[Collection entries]
Let d_neq1 : d != 1.
Proof.
apply: contraTneq N_gt0 => d1; rewrite lt0n negbK.
by rewrite (is_cond_exp_pow_eq0 orderd (_ : is_cond_exp p (pow_char 1 chi) N)) ?d1 ?pow_char1.
Qed.

Let cond_pow_le1 k c : N = 1 -> is_cond_exp p (pow_char k chi) c -> c <= 1.
Proof.
by move=> N1 [_ c_min]; apply/c_min/trivial_on_pow; rewrite -N1; apply: (proj1 condN).
Qed.

Lemma sym3_cond_exp_ge5 : 4 < p ->
  N + c2 + c3 = (if (1 < N) || ((N == 1) && (3 < d)) then 3 * N else 3 * N - 1).
Proof.
move=> p_gt4; have p_ndvd k : 0 < k < 5 -> ~~ (p %| k).
  by case/andP=> k_gt0 k_lt5; rewrite gtnNdvd //; lia.
have [N_gt1 | N_le1] := ltnP 1 N.
  rewrite (is_cond_exp_unique cond2 (is_cond_exp_pow_coprime condN N_gt1 (p_ndvd 2 isT))).
  rewrite (is_cond_exp_unique cond3 (is_cond_exp_pow_coprime condN N_gt1 (p_ndvd 3 isT))).
  by rewrite /=; lia.
have N1 : N = 1 by lia.
rewrite N1 /=; have c2_le1 := cond_pow_le1 N1 cond2; have c3_le1 := cond_pow_le1 N1 cond3.
have c2d := is_cond_exp_pow_eq0 orderd cond2; have c3d := is_cond_exp_pow_eq0 orderd cond3.
have [d_gt3 | d_le3] := ltnP 3 d.
  move: c2d c3d; rewrite !gtnNdvd ?d_gt3 ?(ltnW d_gt3) //.
  by move=> /eqP c2_neq0 /eqP c3_neq0 /=; lia.
have [d2 | d3] : d = 2 \/ d = 3 by case: orderd => d_gt0 _ _; move: d_neq1; lia.
- move: c2d c3d; rewrite d2; lia.
- move: c2d c3d; rewrite d3; lia.
Qed.

Lemma sym3_cond_exp_3 : p = 3 ->
  N + c2 + c3 = (if (N == 2) && (d == 3) then 2 * N else 3 * N - 1).
Proof.
move=> p3; have c3d := is_cond_exp_pow_eq0 orderd cond3.
have p_ndvd2 : ~~ (p %| 2) by rewrite p3.
have [N_gt2 | N_le2] := ltnP 2 N.
  have gen : (1 + p ^ (N - 2)) ^ p = 1 + p ^ (N - 1) %[mod p ^ N].
    by rewrite p3 modn_1add3X_cube.
  have := is_cond_exp_pow_prime condN N_gt2 gen; rewrite [in pow_char _]p3.
  move=> /(is_cond_exp_unique cond3) ->.
  rewrite (is_cond_exp_unique cond2 (is_cond_exp_pow_coprime condN (ltnW N_gt2) p_ndvd2)).
  by rewrite gtn_eqF //=; lia.
have [N2 | N1] : N = 2 \/ N = 1 by lia.
  have N_gt1 : 1 < N by rewrite N2.
  rewrite (is_cond_exp_unique cond2 (is_cond_exp_pow_coprime condN N_gt1 p_ndvd2)) N2 /=.
  have c3_le1 : c3 <= 1.
    apply: (proj2 cond3); have := trivial_on_pow_prime N_gt1 (proj1 condN).
    by rewrite [in pow_char _]p3 N2.
  have [d3 | d_neq3] := eqVneq d 3; first by move: c3d; rewrite d3; lia.
  by move: c3d; rewrite (introF (prime_nt_dvdP _ d_neq1)) //; lia.
have c2_0 : c2 = 0.
  apply/(is_cond_exp_eq0 cond2)/(@trivial_on_pow_of_exponent 1).
    by move=> a /Euler_exp_totient; rewrite p3 totient_prime.
  by rewrite -N1; apply: (proj1 condN).
have d2 : d = 2.
  by apply/(prime_nt_dvdP _ d_neq1); rewrite // -(is_cond_exp_pow_eq0 orderd cond2) c2_0.
by move: c3d (cond_pow_le1 N1 cond3); rewrite N1 c2_0 d2 /=; lia.
Qed.

Lemma sym3_cond_exp_2 : p = 2 ->
  N + c2 + c3 = (if 3 < N then 3 * N - 1 else 2 * N).
Proof.
move=> p2; have odd_mod2 a : coprime a p -> a ^ 1 = 1 %[mod p ^ 1].
  by rewrite p2 coprimen2 expn1 !expn1 !modn2 => ->.
have N_gt1 : 1 < N.
  rewrite ltn_neqAle N_gt0 andbT; apply/eqP => N1.
  have chi_triv1 : trivial_on p chi 1 by rewrite N1; apply: (proj1 condN).
  have := trivial_on_pow_of_exponent odd_mod2 chi_triv1.
  by rewrite pow_char1 -(is_cond_exp_eq0 condN) -N1.
have p_ndvd3 : ~~ (p %| 3) by rewrite p2.
rewrite (is_cond_exp_unique cond3 (is_cond_exp_pow_coprime condN N_gt1 p_ndvd3)).
have [N_gt3 | N_le3] := ltnP 3 N.
  have gen : (1 + p ^ (N - 2)) ^ p = 1 + p ^ (N - 1) %[mod p ^ N].
    by rewrite p2 modn_1add2X_sqr.
  have := is_cond_exp_pow_prime condN (ltnW N_gt3) gen; rewrite [in pow_char _]p2.
  by move=> /(is_cond_exp_unique cond2) ->; lia.
have c2_0 : c2 = 0.
  apply/(is_cond_exp_eq0 cond2)/(@trivial_on_pow_of_exponent 3).
    by move=> a; rewrite p2 coprimen2; apply: sqr_odd_mod8.
  exact: trivial_on_le N_le3 (proj1 condN).
by rewrite c2_0; lia.
Qed.

End DirichletCharacter.

Theorem mainTheorem7 (p : nat) (mu1 mu2 : qpchar) :
  prime p ->
  valid_qpchar p mu1 -> valid_qpchar p mu2 ->
  p_minimal p mu1 mu2 ->
  unramified p mu1 ->
  (1 <= ps_cond p mu1 mu2)%N ->
  let N := ps_cond p mu1 mu2 in
  let om := qmul mu1 mu2 in
  let a3 := wd_cond p (sym3 mu1 mu2) in
  [/\ (5 <= p)%N ->
        a3 = (if (1 < N)%N || ((N == 1)%N && (3 < res_order p om)%N)
              then 3 * N else 3 * N - 1)%N,
      p = 3%N ->
        a3 = (if (N == 2)%N && (res_order p om == 3)%N
              then 2 * N else 3 * N - 1)%N
    & p = 2%N ->
        a3 = (if (3 < N)%N then 3 * N - 1 else 2 * N)%N].
Proof.
move=> p_pr _ [[[n0 chi_per] chi_eq0 chiM] _] _ /trivial_on0 mu1_unr N_gt0 N om a3.
set chi := qres mu2 in chi_per chi_eq0 chiM.
have exists_cond k : exists c, is_cond_exp p (pow_char k chi) c.
  by apply: exists_is_cond_exp; exists n0; apply/trivial_on_pow/trivial_on_period.
have [c1 cond1] := exists_cond 1; have [c2 cond2] := exists_cond 2.
have [c3 cond3] := exists_cond 3.
have cond0 : is_cond_exp p (pow_char 0 chi) 0 by split=> // a _ _; rewrite /pow_char expr0.
have NE : N = c1.
  by rewrite /N /ps_cond /wd_cond /= (cond_exp_eq (mu := mu1) cond0)
    ?(cond_exp_eq (mu := mu2) cond1) ?addn0.
have a3E : a3 = c1 + c2 + c3.
  rewrite /a3 /wd_cond; have -> : [seq cond_exp p mu | mu <- sym3 mu1 mu2] = [:: 0; c1; c2; c3].
    congr [:: _; _; _; _]; [apply: (cond_exp_eq cond0) | apply: (cond_exp_eq cond1)
      | apply: (cond_exp_eq cond2) | apply: (cond_exp_eq cond3)];
    by move=> a ap /=; rewrite /pow_char ?mu1_unr // ?exprS ?expr0 ?mulr1 ?mul1r.
  by rewrite /= add0n addn0 addnA.
have orderd : unit_order p chi (res_order p om).
  apply: res_orderP => [a ap | ]; first by rewrite /= mu1_unr // mul1r.
  exists (totient (p ^ n0)); split; first by rewrite totient_gt0 expn_gt0 prime_gt0.
  by apply: trivial_on_pow_totient.
rewrite pow_char1 -NE in cond1; rewrite a3E -NE.
split=> [p_gt4 | p3 | p2].
- exact (sym3_cond_exp_ge5 p_pr chi_per chi_eq0 chiM cond1 N_gt0 cond2 cond3 orderd p_gt4).
- exact (sym3_cond_exp_3 p_pr chi_per chi_eq0 chiM cond1 N_gt0 cond2 cond3 orderd p3).
- exact (sym3_cond_exp_2 p_pr chi_per chi_eq0 chiM cond1 N_gt0 cond2 cond3 orderd p2).
Qed.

### Problem to solve
What lines above hold the word "case"? Pull each one out.

### Solution below
  by case/andP=> k_gt0 k_lt5; rewrite gtnNdvd //; lia.
have [d2 | d3] : d = 2 \/ d = 3 by case: orderd => d_gt0 _ _; move: d_neq1; lia.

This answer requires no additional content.